## [Exercise directions]
Nothing but the lines below between the line holding "(* Xi_a(k+1) = i" and the line holding "Definition partial_order : Prop", inclusive, should appear in the answer, each set down exactly.

## [Materials provided]
(* Let $\mathcal{F}$ be a construction scheme over $\omega_1$ of a good type, let $\mathcal{A}_\mathcal{F}=\langle A_\alpha\rangle_{\alpha<\omega_1}$ be the AD family over $N$ defined below, and let $(X,\leq)$ be an $\omega_1$-like partial order. Then there are a bijection $\psi:X\to\omega_1$ and infinite sets $T_x\subseteq N$ ($x\in X$) such that $(\langle T_x\rangle_{x\in X},\langle A_{\psi(x)}\rangle_{x\in X})$ is an almost disjoint representation of $X$. In particular $\mathcal{A}_\mathcal{F}$ codes every $\omega_1$-like partial order.
   Context: A type is a sequence $\langle m_k,n_{k+1},r_{k+1}\rangle_{k\in\omega}$ of natural numbers with $m_0=1$ and, for all $k$, $n_{k+1}\geq2$, $m_k>r_{k+1}$, $m_{k+1}=r_{k+1}+(m_k-r_{k+1})n_{k+1}$; good if each $r\in\omega$ equals $r_k$ for infinitely many $k\geq1$. A construction scheme of type $\tau$ over a set of ordinals $Y$ is a family $\mathcal{F}$ of nonempty finite subsets of $Y$, cofinal among finite subsets of $Y$ under $\subseteq$, each of size $m_k$ for some $k$, such that with $\mathcal{F}_k=\{F\in\mathcal{F}:|F|=m_k\}$: (i) for $E,F\in\mathcal{F}_k$, $E\cap F$ is an initial segment of both; (ii) every $F\in\mathcal{F}_{k+1}$ equals $F_0\cup\dots\cup F_{n_{k+1}-1}$ with $F_i\in\mathcal{F}_k$ a $\Delta$-system with root $R(F)$, $|R(F)|=r_{k+1}$, $R(F)<F_0\setminus R(F)<\dots<F_{n_{k+1}-1}\setminus R(F)$ ($A<B$: every element of $A$ below every element of $B$). $\rho(\alpha,\beta)=\min\{k:\exists F\in\mathcal{F}_k\ \{\alpha,\beta\}\subseteq F\}$; $\lVert\alpha\rVert_k=|\{\xi<\alpha:\rho(\xi,\alpha)\leq k\}|$; for $k\geq1$, $\Xi_\alpha(k)=-1$ if $\alpha\in R(F)$ and $=i$ if $\alpha\in F_i\setminus R(F)$ for any $F\in\mathcal{F}_k$ containing $\alpha$. The family $\mathcal{A}_\mathcal{F}$: for $k\geq1$, $N_k=\{(\sigma,k):\sigma:n_k\to m_{k-1}\}$, $N=\bigcup_{k\geq1}N_k$, $A^k_\alpha=\{(\sigma,k)\in N_k:\Xi_\alpha(k)\geq0,\ \sigma(\Xi_\alpha(k))=\lVert\alpha\rVert_{k-1}\}$, $A_\alpha=\bigcup_{k\geq1}A^k_\alpha$. $A\subseteq^*B$ means $A\setminus B$ finite; $A=^*B$ means both inclusions mod finite. A partial order is $\omega_1$-like if well-founded, of size $\omega_1$, with every $(-\infty,x)$ countable. $\inf(x,y)$ is the greatest lower bound when it exists; $x,y$ incompatible means no $z\leq x,y$; $\mathrm{pred}(x)$ is the set of maximal elements of $(-\infty,x)$ and $x$ is successor-like if $\mathrm{pred}(x)$ is finite and every $y<x$ is $\leq$ some $z\in\mathrm{pred}(x)$. An almost disjoint representation of $X$ is a pair of indexed families $\langle T_x\rangle_{x\in X},\langle A_x\rangle_{x\in X}$ of infinite subsets of a countable set, $x\mapsto A_x$ injective and $\{A_x\}$ almost disjoint, such that: (a) $A_x\subseteq T_x$; (b) $y\not\leq x\Rightarrow A_y\subseteq^*T_y\setminus T_x$; (c) if $\inf(x,y)$ exists, $T_x\cap T_y=^*T_{\inf(x,y)}$; (d) $x$ successor-like $\Rightarrow T_x\setminus\bigcup_{z\in\mathrm{pred}(x)}T_z=^*A_x$; (e) $x,y$ incompatible $\Rightarrow T_x\cap T_y=^*\emptyset$. *)

From HB Require Import structures.
From mathcomp Require Import all_boot.
From mathcomp Require Import boolp classical_sets cardinality.

Set Implicit Arguments.
Unset Strict Implicit.
Unset Printing Implicit Defensive.

Local Open Scope classical_set_scope.
Local Open Scope card_scope.

(* omega_1, presented as an abstract strict well-order (W, lt) which   *)
(* is uncountable and all of whose proper initial segments are         *)
(* countable; such an order is exactly (isomorphic to) omega_1.        *)
Definition omega1_order (W : Type) (lt : W -> W -> Prop) : Prop :=
  [/\ (forall a, ~ lt a a),
      (forall a b c, lt a b -> lt b c -> lt a c),
      (forall a b, lt a b \/ a = b \/ lt b a) &
      well_founded lt] /\
  (forall a, countable [set x | lt x a]) /\
  ~ countable [set: W].

Definition has_size (T : Type) (A : set T) (c : nat) : Prop := A #= `I_c.

Definition setlt (W : Type) (lt : W -> W -> Prop) (A B : set W) : Prop :=
  forall a b, A a -> B b -> lt a b.

(* Types  <m_k, n_{k+1}, r_{k+1}>_k   (n 0 and r 0 are irrelevant).    *)
Definition is_type (m n r : nat -> nat) : Prop :=
  m 0 = 1 /\
  forall k, [/\ 2 <= n k.+1, r k.+1 < m k &
                m k.+1 = r k.+1 + (m k - r k.+1) * n k.+1].

Definition good_type (m n r : nat -> nat) : Prop :=
  is_type m n r /\
  forall r0 K, exists k, [/\ K <= k, 1 <= k & r k = r0].

Section Scheme.
Variables (W : Type) (lt : W -> W -> Prop) (m n r : nat -> nat)
          (Fam : set (set W)).

Definition Fk (k : nat) (F : set W) : Prop := Fam F /\ has_size F (m k).

Definition init_seg (A B : set W) : Prop :=
  A `<=` B /\ forall x y, A x -> B y -> lt y x -> A y.

Definition decomposition (k : nat) (F : set W) (Fs : nat -> set W)
  (R : set W) : Prop :=
  [/\ (forall i, i < n k.+1 -> Fk k (Fs i)),
      F = \bigcup_(i in `I_(n k.+1)) Fs i,
      (forall i j, i < n k.+1 -> j < n k.+1 -> i <> j -> Fs i `&` Fs j = R),
      has_size R (r k.+1) &
      (0 < n k.+1 -> setlt lt R (Fs 0 `\` R))] /\
  (forall i, i.+1 < n k.+1 -> setlt lt (Fs i `\` R) (Fs i.+1 `\` R)).

Definition construction_scheme : Prop :=
  [/\ (forall F, Fam F -> F !=set0 /\ exists k, has_size F (m k)),
      (forall A, finite_set A -> exists F, Fam F /\ A `<=` F),
      (forall k E F, Fk k E -> Fk k F ->
          init_seg (E `&` F) E /\ init_seg (E `&` F) F) &
      (forall k F, Fk k.+1 F -> exists Fs R, decomposition k F Fs R) ].

Definition rho_le (a b : W) (k : nat) : Prop :=
  exists j, j <= k /\ exists F, Fk j F /\ F a /\ F b.

Definition norm_is (a : W) (k c : nat) : Prop :=
  has_size [set x | lt x a /\ rho_le x a k] c.

(* Xi_a(k+1) = i  with  i >= 0 , i.e. a in F_i \ R(F) for F in F_{k+1} *)
Definition Xi_is (a : W) (k i : nat) : Prop :=
  exists F Fs R, [/\ Fk k.+1 F, F a, decomposition k F Fs R &
                     i < n k.+1] /\ Fs i a /\ ~ R a.

(* The countable set N = U_{k>=1} N_k, with (sigma, j.+1) in N_{j+1},  *)
(* sigma : n_{j+1} -> m_j.                                              *)
Definition Nset := {j : nat & {ffun 'I_(n j.+1) -> 'I_(m j)}}.

Definition A_F (a : W) : set Nset :=
  [set p : Nset | let: existT j sigma := p in
           exists i (Hi : i < n j.+1),
             Xi_is a j i /\ norm_is a j (nat_of_ord (sigma (Ordinal Hi)))].

End Scheme.

Section PO.
Variables (X : Type) (le : X -> X -> Prop).

Definition partial_order : Prop :=
  [/\ (forall x, le x x),
      (forall x y, le x y -> le y x -> x = y) &
      (forall x y z, le x y -> le y z -> le x z)].

Definition ltX (x y : X) : Prop := le x y /\ x <> y.

Definition omega1_like (W : Type) : Prop :=
  [/\ partial_order,
      well_founded ltX,
      (exists f : X -> W, bijective f) &
      (forall x, countable [set y | ltX y x])].

Definition is_inf (x y z : X) : Prop :=
  [/\ le z x, le z y & forall w, le w x -> le w y -> le w z].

## [Problem solution]
(* Xi_a(k+1) = i  with  i >= 0 , i.e. a in F_i \ R(F) for F in F_{k+1} *)
Definition Xi_is (a : W) (k i : nat) : Prop :=
  exists F Fs R, [/\ Fk k.+1 F, F a, decomposition k F Fs R &
                     i < n k.+1] /\ Fs i a /\ ~ R a.

(* The countable set N = U_{k>=1} N_k, with (sigma, j.+1) in N_{j+1},  *)
(* sigma : n_{j+1} -> m_j.                                              *)
Definition Nset := {j : nat & {ffun 'I_(n j.+1) -> 'I_(m j)}}.

Definition A_F (a : W) : set Nset :=
  [set p : Nset | let: existT j sigma := p in
           exists i (Hi : i < n j.+1),
             Xi_is a j i /\ norm_is a j (nat_of_ord (sigma (Ordinal Hi)))].

End Scheme.

Section PO.
Variables (X : Type) (le : X -> X -> Prop).

Definition partial_order : Prop :=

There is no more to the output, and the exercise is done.